• Information

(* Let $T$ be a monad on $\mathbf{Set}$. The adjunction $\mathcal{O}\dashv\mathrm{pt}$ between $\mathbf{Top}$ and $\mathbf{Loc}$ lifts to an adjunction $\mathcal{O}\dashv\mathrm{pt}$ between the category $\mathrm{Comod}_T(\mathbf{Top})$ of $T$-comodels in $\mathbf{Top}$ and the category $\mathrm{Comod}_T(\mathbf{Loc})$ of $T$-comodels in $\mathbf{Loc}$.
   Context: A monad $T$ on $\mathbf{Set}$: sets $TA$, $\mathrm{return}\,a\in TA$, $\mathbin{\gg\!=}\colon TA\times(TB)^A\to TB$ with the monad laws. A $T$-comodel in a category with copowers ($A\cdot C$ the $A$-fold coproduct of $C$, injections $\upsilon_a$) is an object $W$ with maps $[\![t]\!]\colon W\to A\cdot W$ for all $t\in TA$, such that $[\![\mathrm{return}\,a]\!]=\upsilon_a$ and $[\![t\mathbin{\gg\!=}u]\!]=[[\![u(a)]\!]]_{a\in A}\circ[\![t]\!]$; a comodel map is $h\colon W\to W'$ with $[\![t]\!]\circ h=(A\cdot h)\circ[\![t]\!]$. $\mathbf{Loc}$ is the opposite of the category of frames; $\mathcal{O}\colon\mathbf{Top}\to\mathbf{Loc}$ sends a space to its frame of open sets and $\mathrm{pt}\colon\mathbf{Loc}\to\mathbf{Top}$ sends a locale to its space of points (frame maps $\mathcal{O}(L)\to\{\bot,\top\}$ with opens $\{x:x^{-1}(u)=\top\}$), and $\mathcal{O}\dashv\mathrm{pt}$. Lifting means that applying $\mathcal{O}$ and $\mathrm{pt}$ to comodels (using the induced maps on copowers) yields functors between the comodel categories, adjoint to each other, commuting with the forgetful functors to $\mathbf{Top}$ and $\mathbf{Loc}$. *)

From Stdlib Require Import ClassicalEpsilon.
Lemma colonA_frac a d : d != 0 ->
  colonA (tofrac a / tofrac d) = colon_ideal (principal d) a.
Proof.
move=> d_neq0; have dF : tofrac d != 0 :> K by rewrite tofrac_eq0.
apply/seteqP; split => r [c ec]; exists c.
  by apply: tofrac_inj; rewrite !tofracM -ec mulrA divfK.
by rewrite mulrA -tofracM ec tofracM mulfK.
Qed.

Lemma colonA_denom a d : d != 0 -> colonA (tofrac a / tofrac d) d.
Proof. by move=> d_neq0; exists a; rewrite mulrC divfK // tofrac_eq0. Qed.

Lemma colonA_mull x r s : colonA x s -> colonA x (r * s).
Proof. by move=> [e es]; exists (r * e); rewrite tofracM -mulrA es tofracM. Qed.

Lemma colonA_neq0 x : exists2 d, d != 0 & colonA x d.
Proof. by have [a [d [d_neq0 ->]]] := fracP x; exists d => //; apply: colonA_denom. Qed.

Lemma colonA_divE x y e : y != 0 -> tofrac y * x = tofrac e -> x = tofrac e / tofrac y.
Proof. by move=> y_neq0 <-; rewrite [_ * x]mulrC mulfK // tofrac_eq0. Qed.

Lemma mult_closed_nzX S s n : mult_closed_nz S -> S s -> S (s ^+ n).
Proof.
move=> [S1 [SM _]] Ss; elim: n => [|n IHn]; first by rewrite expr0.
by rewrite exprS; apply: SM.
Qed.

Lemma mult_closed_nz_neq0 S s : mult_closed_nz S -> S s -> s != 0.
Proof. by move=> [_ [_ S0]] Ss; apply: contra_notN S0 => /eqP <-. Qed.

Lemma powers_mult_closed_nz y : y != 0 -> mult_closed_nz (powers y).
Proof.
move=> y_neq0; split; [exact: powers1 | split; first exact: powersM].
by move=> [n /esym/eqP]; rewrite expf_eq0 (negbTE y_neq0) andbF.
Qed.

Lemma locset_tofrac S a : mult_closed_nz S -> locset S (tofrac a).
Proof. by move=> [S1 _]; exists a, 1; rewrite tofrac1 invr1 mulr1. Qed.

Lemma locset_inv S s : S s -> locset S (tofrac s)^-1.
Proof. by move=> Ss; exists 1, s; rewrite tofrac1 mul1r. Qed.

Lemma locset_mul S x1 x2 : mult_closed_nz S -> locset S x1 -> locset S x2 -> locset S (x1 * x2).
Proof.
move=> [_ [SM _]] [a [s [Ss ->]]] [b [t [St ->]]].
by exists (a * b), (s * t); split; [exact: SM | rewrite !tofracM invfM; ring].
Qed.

• Problem statement
Only the lines from the start of the listing through the line with "Lemma colonA_denom a" should be repeated, each exactly as it stands.

• Solution to this problem
(* Let $T$ be a monad on $\mathbf{Set}$. The adjunction $\mathcal{O}\dashv\mathrm{pt}$ between $\mathbf{Top}$ and $\mathbf{Loc}$ lifts to an adjunction $\mathcal{O}\dashv\mathrm{pt}$ between the category $\mathrm{Comod}_T(\mathbf{Top})$ of $T$-comodels in $\mathbf{Top}$ and the category $\mathrm{Comod}_T(\mathbf{Loc})$ of $T$-comodels in $\mathbf{Loc}$.
   Context: A monad $T$ on $\mathbf{Set}$: sets $TA$, $\mathrm{return}\,a\in TA$, $\mathbin{\gg\!=}\colon TA\times(TB)^A\to TB$ with the monad laws. A $T$-comodel in a category with copowers ($A\cdot C$ the $A$-fold coproduct of $C$, injections $\upsilon_a$) is an object $W$ with maps $[\![t]\!]\colon W\to A\cdot W$ for all $t\in TA$, such that $[\![\mathrm{return}\,a]\!]=\upsilon_a$ and $[\![t\mathbin{\gg\!=}u]\!]=[[\![u(a)]\!]]_{a\in A}\circ[\![t]\!]$; a comodel map is $h\colon W\to W'$ with $[\![t]\!]\circ h=(A\cdot h)\circ[\![t]\!]$. $\mathbf{Loc}$ is the opposite of the category of frames; $\mathcal{O}\colon\mathbf{Top}\to\mathbf{Loc}$ sends a space to its frame of open sets and $\mathrm{pt}\colon\mathbf{Loc}\to\mathbf{Top}$ sends a locale to its space of points (frame maps $\mathcal{O}(L)\to\{\bot,\top\}$ with opens $\{x:x^{-1}(u)=\top\}$), and $\mathcal{O}\dashv\mathrm{pt}$. Lifting means that applying $\mathcal{O}$ and $\mathrm{pt}$ to comodels (using the induced maps on copowers) yields functors between the comodel categories, adjoint to each other, commuting with the forgetful functors to $\mathbf{Top}$ and $\mathbf{Loc}$. *)

From Stdlib Require Import ClassicalEpsilon.
Lemma colonA_frac a d : d != 0 ->
  colonA (tofrac a / tofrac d) = colon_ideal (principal d) a.
Proof.
move=> d_neq0; have dF : tofrac d != 0 :> K by rewrite tofrac_eq0.
apply/seteqP; split => r [c ec]; exists c.
  by apply: tofrac_inj; rewrite !tofracM -ec mulrA divfK.
by rewrite mulrA -tofracM ec tofracM mulfK.
Qed.

Lemma colonA_denom a d : d != 0 -> colonA (tofrac a / tofrac d) d.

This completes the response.